Material supplied Start Marker

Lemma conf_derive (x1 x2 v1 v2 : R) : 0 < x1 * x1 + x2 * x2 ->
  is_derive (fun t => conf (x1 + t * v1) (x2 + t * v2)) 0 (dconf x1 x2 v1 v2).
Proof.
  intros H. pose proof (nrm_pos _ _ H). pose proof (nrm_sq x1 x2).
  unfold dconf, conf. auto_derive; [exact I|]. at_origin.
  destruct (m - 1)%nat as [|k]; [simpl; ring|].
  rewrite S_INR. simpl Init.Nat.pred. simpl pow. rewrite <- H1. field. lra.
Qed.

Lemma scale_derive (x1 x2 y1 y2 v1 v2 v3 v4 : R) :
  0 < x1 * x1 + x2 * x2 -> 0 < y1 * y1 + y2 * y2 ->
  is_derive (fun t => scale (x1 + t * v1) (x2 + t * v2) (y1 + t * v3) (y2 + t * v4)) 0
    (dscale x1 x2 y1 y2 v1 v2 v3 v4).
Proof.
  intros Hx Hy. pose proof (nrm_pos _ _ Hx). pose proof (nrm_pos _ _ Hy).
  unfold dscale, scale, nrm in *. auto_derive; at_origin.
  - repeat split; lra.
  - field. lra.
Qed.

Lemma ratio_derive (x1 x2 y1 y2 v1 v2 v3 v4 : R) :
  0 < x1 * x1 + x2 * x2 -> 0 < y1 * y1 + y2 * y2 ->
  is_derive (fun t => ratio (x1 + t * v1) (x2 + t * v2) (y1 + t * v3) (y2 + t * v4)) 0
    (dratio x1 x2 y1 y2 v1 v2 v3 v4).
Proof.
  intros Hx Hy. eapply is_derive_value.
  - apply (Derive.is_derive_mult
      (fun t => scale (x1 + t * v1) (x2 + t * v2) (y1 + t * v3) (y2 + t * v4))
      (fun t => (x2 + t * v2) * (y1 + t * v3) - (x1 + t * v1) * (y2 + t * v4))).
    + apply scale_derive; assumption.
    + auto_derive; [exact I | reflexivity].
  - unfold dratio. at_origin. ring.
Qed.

Material supplied End Marker
Material supplied Start Marker

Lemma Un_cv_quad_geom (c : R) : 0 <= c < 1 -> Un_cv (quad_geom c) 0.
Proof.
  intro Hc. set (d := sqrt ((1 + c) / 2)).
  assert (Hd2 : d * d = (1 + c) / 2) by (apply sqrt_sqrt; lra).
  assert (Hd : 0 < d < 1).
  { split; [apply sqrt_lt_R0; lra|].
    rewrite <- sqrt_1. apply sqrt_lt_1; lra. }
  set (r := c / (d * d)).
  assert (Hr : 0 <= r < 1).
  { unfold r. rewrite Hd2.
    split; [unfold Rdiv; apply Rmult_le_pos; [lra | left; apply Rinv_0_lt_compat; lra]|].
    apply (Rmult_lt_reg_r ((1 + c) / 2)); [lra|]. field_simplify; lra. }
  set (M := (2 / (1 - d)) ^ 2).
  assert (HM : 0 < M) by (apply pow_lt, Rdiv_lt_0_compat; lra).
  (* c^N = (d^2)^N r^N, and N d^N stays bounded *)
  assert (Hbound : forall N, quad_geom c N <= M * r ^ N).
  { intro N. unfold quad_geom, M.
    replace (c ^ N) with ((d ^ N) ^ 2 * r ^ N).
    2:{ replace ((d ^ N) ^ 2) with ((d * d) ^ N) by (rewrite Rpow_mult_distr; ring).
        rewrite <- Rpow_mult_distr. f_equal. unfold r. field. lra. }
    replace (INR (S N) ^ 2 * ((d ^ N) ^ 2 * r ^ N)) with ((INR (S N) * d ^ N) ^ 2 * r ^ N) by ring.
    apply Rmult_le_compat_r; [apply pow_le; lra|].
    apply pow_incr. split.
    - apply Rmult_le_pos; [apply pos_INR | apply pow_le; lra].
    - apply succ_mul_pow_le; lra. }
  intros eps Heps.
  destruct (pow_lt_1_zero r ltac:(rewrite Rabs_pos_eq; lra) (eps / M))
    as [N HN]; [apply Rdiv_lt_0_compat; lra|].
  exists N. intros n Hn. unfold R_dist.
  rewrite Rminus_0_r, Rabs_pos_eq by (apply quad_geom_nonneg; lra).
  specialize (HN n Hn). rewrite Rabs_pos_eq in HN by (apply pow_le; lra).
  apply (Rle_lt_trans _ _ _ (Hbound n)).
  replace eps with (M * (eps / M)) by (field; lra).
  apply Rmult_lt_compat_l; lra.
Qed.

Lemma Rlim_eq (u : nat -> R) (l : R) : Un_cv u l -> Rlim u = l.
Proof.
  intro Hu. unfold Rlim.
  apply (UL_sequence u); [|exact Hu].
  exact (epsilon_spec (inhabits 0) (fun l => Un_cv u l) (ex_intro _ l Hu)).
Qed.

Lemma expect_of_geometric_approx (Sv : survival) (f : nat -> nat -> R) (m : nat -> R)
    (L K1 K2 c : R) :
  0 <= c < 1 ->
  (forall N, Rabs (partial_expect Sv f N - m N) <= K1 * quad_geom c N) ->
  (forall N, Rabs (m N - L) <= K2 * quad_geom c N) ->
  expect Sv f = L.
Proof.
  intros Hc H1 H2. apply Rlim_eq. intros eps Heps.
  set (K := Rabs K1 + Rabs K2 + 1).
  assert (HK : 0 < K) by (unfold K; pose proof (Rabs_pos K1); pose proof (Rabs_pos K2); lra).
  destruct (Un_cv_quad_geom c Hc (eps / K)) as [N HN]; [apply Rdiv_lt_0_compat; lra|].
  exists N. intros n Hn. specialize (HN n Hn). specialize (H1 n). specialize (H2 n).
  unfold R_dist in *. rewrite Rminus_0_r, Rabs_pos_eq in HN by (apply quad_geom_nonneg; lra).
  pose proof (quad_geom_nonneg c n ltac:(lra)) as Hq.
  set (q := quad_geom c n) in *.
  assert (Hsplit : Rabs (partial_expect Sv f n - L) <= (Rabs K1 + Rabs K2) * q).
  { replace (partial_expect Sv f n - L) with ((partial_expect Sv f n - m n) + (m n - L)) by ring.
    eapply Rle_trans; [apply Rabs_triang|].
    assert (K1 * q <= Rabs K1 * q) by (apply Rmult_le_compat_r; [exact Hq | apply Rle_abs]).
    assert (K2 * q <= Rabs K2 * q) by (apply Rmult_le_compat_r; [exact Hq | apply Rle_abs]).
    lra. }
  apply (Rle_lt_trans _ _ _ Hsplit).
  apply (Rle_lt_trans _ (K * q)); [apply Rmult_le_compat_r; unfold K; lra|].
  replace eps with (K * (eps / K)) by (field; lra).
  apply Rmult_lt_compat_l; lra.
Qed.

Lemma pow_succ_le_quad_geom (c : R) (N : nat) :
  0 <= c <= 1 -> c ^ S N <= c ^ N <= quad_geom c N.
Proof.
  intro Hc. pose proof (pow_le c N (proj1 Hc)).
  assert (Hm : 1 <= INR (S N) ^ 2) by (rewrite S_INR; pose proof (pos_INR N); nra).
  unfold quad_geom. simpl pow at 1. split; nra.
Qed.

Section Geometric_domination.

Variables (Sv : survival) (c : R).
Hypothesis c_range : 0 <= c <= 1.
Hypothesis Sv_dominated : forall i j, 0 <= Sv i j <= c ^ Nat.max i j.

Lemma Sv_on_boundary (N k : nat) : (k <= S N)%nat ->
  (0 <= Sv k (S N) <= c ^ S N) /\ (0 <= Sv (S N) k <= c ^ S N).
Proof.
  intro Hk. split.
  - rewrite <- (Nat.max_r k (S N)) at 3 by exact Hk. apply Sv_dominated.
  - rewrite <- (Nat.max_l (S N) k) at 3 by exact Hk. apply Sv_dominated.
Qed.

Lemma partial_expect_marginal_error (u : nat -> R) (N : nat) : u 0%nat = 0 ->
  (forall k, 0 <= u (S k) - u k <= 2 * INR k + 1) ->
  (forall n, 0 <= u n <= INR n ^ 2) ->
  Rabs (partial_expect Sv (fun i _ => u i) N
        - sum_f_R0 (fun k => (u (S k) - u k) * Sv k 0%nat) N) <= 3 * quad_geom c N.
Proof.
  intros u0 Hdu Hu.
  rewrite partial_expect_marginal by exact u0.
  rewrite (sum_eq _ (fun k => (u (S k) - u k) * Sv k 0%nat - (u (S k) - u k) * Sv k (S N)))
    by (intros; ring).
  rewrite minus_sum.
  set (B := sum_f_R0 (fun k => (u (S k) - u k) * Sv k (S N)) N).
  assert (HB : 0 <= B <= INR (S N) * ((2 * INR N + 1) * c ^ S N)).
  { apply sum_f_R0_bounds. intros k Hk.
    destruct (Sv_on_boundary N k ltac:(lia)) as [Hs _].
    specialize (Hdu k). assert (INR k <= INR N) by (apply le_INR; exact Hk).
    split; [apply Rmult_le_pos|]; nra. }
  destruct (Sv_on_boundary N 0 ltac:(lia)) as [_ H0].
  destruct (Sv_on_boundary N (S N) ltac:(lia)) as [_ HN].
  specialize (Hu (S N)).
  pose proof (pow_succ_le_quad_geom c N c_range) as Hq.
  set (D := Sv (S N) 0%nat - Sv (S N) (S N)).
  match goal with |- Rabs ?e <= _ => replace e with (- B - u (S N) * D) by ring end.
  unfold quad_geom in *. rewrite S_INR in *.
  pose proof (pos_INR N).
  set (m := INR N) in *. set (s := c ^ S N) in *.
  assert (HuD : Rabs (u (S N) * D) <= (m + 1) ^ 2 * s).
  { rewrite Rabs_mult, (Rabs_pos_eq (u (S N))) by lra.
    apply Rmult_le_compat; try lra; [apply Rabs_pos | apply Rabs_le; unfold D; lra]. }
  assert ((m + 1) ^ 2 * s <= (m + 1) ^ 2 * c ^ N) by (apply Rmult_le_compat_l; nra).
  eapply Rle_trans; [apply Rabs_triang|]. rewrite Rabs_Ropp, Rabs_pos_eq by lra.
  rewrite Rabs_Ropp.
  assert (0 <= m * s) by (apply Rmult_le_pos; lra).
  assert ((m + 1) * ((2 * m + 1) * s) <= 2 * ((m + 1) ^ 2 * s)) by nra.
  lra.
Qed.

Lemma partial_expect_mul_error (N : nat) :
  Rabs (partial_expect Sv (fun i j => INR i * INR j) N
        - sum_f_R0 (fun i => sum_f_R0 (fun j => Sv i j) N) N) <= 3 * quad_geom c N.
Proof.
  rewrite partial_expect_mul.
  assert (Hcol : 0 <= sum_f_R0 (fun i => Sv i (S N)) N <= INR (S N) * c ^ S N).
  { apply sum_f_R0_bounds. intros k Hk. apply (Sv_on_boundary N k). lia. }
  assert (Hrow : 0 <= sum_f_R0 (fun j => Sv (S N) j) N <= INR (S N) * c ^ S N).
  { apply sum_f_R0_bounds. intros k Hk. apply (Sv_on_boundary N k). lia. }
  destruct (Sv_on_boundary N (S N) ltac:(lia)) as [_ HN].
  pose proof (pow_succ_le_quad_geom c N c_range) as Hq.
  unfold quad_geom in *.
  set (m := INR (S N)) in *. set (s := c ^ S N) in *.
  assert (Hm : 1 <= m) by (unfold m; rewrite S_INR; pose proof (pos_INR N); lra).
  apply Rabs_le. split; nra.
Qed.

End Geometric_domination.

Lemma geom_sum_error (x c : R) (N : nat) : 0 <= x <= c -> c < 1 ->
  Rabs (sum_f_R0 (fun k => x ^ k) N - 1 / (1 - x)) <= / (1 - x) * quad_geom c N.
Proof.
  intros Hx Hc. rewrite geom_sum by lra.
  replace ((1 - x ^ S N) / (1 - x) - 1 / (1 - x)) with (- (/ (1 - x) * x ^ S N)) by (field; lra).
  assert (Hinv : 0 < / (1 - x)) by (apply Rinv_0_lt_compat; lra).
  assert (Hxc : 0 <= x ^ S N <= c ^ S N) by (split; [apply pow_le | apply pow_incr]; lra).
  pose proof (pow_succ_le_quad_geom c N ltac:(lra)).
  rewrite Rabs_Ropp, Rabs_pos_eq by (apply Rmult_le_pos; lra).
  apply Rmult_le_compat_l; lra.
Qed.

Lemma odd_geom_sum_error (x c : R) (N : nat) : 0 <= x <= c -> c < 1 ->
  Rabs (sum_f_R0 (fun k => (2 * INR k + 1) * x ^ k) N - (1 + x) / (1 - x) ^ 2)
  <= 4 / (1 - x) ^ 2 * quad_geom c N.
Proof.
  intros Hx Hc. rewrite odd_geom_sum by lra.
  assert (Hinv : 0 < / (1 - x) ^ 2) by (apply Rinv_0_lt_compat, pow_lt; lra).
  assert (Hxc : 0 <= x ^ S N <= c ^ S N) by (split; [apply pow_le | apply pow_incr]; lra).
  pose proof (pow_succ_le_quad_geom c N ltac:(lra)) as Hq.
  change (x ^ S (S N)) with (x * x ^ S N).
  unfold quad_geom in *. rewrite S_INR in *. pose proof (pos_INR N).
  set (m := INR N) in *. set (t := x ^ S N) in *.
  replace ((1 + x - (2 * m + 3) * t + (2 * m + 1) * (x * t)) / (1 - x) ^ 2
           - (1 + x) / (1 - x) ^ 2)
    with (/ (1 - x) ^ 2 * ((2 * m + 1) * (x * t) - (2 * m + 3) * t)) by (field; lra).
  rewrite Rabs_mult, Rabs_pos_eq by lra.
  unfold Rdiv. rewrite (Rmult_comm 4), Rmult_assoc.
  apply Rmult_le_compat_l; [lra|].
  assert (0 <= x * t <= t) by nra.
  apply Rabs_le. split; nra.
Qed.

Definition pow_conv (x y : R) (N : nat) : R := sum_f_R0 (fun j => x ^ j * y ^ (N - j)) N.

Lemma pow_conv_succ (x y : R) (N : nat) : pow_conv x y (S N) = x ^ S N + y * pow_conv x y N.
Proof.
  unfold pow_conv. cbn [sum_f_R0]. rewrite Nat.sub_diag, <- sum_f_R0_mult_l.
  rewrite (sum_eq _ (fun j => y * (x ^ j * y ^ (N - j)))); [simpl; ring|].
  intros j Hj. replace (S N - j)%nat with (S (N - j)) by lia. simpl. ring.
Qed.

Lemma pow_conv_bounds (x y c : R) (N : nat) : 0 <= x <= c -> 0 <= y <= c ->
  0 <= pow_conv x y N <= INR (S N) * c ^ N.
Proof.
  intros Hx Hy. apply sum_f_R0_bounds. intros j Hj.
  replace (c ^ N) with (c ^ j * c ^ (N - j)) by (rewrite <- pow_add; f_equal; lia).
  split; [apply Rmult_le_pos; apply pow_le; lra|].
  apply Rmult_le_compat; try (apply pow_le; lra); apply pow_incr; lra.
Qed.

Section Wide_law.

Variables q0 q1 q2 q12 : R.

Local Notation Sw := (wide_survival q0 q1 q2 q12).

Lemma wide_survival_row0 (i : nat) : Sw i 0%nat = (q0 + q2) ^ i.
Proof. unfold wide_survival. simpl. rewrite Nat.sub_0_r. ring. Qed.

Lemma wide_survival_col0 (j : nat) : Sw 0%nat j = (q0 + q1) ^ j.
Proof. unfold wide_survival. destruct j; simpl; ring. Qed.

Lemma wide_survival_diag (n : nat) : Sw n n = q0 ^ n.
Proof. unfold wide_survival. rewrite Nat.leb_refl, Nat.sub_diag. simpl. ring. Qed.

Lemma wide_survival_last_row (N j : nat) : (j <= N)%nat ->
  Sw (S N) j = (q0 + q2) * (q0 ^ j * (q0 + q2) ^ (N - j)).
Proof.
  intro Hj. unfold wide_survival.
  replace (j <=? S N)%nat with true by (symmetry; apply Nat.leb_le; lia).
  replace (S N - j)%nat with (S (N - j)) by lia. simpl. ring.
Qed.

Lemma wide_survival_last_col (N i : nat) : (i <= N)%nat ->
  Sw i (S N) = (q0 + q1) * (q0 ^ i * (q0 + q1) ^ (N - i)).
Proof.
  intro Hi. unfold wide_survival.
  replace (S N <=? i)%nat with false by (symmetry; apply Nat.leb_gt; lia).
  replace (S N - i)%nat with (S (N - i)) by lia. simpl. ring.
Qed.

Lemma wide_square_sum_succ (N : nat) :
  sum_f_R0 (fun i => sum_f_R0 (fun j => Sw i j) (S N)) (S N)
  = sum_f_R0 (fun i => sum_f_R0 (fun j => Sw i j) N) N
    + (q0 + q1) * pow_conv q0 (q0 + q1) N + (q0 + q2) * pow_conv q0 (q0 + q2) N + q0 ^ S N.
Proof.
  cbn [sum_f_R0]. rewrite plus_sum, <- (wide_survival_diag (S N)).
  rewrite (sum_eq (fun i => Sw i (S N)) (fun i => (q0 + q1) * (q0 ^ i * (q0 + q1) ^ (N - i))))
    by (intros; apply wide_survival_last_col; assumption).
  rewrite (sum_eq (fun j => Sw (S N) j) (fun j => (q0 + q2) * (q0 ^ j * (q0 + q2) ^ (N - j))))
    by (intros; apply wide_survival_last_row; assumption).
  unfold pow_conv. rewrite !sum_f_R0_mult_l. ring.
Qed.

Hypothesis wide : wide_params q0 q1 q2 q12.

Material supplied End Marker
Material supplied Start Marker

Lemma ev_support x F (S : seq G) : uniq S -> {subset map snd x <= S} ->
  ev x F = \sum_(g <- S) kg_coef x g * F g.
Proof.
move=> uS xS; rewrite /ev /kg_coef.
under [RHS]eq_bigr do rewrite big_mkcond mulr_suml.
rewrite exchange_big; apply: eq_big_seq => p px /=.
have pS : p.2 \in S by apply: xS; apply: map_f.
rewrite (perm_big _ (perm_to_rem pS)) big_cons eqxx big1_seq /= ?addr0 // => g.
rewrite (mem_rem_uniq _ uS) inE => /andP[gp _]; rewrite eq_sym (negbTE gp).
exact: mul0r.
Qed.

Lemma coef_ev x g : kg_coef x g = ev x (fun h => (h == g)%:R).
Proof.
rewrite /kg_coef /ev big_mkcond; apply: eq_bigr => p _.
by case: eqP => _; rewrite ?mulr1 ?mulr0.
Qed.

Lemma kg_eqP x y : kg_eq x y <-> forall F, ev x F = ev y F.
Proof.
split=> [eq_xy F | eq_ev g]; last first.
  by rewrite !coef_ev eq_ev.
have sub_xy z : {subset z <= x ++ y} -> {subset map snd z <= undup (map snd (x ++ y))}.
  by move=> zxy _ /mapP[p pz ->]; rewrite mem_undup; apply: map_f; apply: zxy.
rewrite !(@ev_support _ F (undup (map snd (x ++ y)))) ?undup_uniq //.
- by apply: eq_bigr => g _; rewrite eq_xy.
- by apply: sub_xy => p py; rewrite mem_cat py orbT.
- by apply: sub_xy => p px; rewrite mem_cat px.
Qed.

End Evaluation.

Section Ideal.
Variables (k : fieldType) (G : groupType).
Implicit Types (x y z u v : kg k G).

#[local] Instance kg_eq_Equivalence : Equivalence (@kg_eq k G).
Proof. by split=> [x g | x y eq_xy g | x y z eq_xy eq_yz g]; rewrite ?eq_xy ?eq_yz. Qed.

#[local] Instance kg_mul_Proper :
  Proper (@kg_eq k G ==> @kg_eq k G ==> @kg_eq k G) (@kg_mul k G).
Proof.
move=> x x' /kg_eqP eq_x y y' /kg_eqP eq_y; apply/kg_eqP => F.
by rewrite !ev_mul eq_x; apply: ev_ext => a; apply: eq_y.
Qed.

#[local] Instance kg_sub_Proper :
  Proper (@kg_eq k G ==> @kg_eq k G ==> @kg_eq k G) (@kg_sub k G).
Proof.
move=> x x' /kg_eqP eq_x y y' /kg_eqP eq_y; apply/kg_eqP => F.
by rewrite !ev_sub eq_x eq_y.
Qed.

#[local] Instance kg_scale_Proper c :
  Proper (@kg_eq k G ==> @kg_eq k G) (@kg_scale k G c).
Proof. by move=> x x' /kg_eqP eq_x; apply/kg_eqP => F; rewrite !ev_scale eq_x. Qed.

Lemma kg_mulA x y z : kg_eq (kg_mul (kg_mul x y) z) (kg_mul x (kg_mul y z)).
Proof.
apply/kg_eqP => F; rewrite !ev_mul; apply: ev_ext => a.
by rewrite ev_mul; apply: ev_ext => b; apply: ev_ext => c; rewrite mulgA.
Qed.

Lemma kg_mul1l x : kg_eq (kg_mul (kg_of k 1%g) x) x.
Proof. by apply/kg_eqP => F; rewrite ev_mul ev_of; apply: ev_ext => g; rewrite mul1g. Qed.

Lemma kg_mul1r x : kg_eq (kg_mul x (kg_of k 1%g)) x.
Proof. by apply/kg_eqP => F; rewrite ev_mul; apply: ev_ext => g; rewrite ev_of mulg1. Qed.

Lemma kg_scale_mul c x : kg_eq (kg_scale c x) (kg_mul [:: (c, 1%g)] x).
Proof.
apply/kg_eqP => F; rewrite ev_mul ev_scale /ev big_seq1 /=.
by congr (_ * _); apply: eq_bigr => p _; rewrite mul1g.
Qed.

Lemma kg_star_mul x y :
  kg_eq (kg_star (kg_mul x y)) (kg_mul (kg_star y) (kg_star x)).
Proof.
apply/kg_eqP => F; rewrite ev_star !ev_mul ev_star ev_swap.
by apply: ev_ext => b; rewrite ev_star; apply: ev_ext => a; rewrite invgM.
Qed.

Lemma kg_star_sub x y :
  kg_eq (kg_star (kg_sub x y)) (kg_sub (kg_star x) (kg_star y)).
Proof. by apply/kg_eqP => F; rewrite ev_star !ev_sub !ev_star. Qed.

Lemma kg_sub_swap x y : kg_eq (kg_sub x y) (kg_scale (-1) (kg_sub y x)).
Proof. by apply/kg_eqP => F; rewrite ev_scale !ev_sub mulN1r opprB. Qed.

Material supplied End Marker

## Task instructions:
An exact copy of the lines above, from the one containing "split=> [eq_xy F | eq_ev g]; last first." through the one containing "rewrite !(@ev_support _", is the whole of the answer.

## Result of the exercise:
split=> [eq_xy F | eq_ev g]; last first.
  by rewrite !coef_ev eq_ev.
have sub_xy z : {subset z <= x ++ y} -> {subset map snd z <= undup (map snd (x ++ y))}.
  by move=> zxy _ /mapP[p pz ->]; rewrite mem_undup; apply: map_f; apply: zxy.
rewrite !(@ev_support _ F (undup (map snd (x ++ y)))) ?undup_uniq //.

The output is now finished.